Answer
The given point lies in quadrant II.
Work Step by Step
Here, $\left( r,\theta \right)$ is a polar coordinate defined by the formula as:
$p\left( r,\theta \right)=r\cos \theta +ir\sin \theta $ …….(1)
Define the real value $r\cos \theta$ on the x-axis and define the imaginary value $r\sin \theta $ on the y-axis.

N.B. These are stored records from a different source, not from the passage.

(* Let $(\mathcal{Y}_i)_{i\in[K]}$ be any family of pairwise disjoint measurable subsets of $\mathcal{Y}$ with $P_Y(\mathcal{Y}_i)>0$ for every $i$, and put $\tilde{\mathcal{Y}}=\bigcup_{i=1}^K\mathcal{Y}_i$. Let $f^*_{\mathcal{X}}:\mathcal{X}\to\mathbb{R}^d$, $f^*_{\mathcal{Y}}:\mathcal{Y}\to\mathbb{R}^d$ and $\tau^*>0$ satisfy, for some constant $\Gamma\in\mathbb{R}$, $$g^*(x,y):=\frac{1}{\tau^*}f^*_{\mathcal{X}}(x)^\top f^*_{\mathcal{Y}}(y)=\ln\frac{p(x,y)}{p(x)p(y)}+\Gamma$$ for every $x\in\operatorname{supp}p_X$ and every $y\in\tilde{\mathcal{Y}}$. Let $\bar h^{g^*}(x)=\bar W^\top f^*_{\mathcal{X}}(x)+\bar b$ with $\bar W=[\bar w_1,\dots,\bar w_K]$, $\bar w_i=\mathbb{E}_{y\sim p_Y(\cdot\mid\mathcal{Y}_i)}[\tfrac{1}{\tau^*}f^*_{\mathcal{Y}}(y)]$ and $\bar b=(\ln P_Y(\mathcal{Y}_1),\dots,\ln P_Y(\mathcal{Y}_K))^\top$. Then $$\mathcal{L}_{\sup}(\bar h^{g^*})-\mathcal{L}_{\sup}(h^* )\le \mathbb{E}_{x\sim p_X}\Big[\mathrm{KL}\big(P_C(\cdot\mid x)\,\big\|\,P_C(\cdot\mid x;(\mathcal{Y}_i)_{i\in[K]})\big)\Big]+\mathbb{E}_{(x,c)\sim p(x,c)}\Big[\mathrm{KL}\big(p_Y(\cdot\mid\mathcal{Y}_c)\,\big\|\,p_Y(\cdot\mid x,\mathcal{Y}_c)\big)\Big].$$
   Context: $\mathcal{X},\mathcal{Y}$ are input spaces; $(X,Y)$ has joint density $p(x,y)=p_{X,Y}(x,y)$ with marginal densities $p(x)=p_X(x)$, $p(y)=p_Y(y)$ and conditional density $p(y\mid x)$. For $\mathcal{Y}'\subseteq\mathcal{Y}$, $P_Y(\mathcal{Y}')=\int_{\mathcal{Y}'}p(y)\,dy$ and $P_Y(\mathcal{Y}'\mid x)=\int_{\mathcal{Y}'}p(y\mid x)\,dy$. $[K]=\{1,\dots,K\}$. Labels: $C\in[K]$ with conditional probability $P_C(c\mid x)$, and $p(x,c)=P_C(c\mid x)p_X(x)$. For $h:\mathcal{X}\to\mathbb{R}^K$, $\mathcal{L}_{\sup}(h)=\mathbb{E}_{(x,c)\sim p(x,c)}\big[-\ln\frac{\exp h(x)_c}{\sum_{i=1}^K\exp h(x)_i}\big]$, and $h^*$ denotes a minimizer of $\mathcal{L}_{\sup}$ over all measurable $h$ (e.g. $h^*(x)_i=\ln P_C(i\mid x)$), so $\mathcal{L}_{\sup}(h^* )=\mathbb{E}_{p(x)}[H(P_C(\cdot\mid x))]$. Definitions: $p_Y(y\mid\mathcal{Y}_i)=p(y)/P_Y(\mathcal{Y}_i)$ if $y\in\mathcal{Y}_i$ and $0$ otherwise; $p_Y(y\mid x,\mathcal{Y}_i)=p(y\mid x)/P_Y(\mathcal{Y}_i\mid x)$ if $y\in\mathcal{Y}_i$ and $0$ otherwise; $P_C(c\mid x;(\mathcal{Y}_i)_{i\in[K]})=P_Y(\mathcal{Y}_c\mid x)/P_Y(\tilde{\mathcal{Y}}\mid x)$, a probability distribution on $[K]$. All expectations and KL divergences are assumed to be well defined and finite (in particular $P_Y(\mathcal{Y}_i\mid x)>0$ for $x\in\operatorname{supp}p_X$). *)

From HB Require Import structures.
From mathcomp Require Import all_boot all_order all_algebra.
From mathcomp Require Import all_classical all_reals all_analysis.
Set Implicit Arguments. Unset Strict Implicit. Unset Printing Implicit Defensive.
Import Order.TTheory GRing.Theory Num.Theory.
Local Open Scope classical_set_scope.
Local Open Scope ring_scope.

Then, put the value of $\left( r,\theta \right)=\left( 4,135{}^\circ \right)$ in equation (1),
Therefore,
$\begin{align}
& p\left( r,\theta \right)=r\cos \theta +ir\sin \theta \\
& =\left( 4\cos 135{}^\circ \right)+i\left( 4\sin 135{}^\circ \right) \\
& =\left( 4\times \left( -0.707 \right) \right)+i\left( 4\times \left( 0.0883 \right) \right) \\
& =\left( -2.828 \right)+i\left( 0.3532 \right)
\end{align}$
Now, by comparing it with the equation in the rectangular coordinates, we get:
$p\left( x,y \right)=x+iy$
Hence, the rectangular coordinate is:
$x=-2.828\,\,\,\text{ and }\,\,y=0.3532$
So,
$\left( x,y \right)=\left( -2.828,0.3532 \right)$
Since $x=-2.828$ is negative in nature then it will lie in the second and third quadrant, while $y=0.3532$ is positive so it will lie in the first and second quadrant.
So the point lies in quadrant II.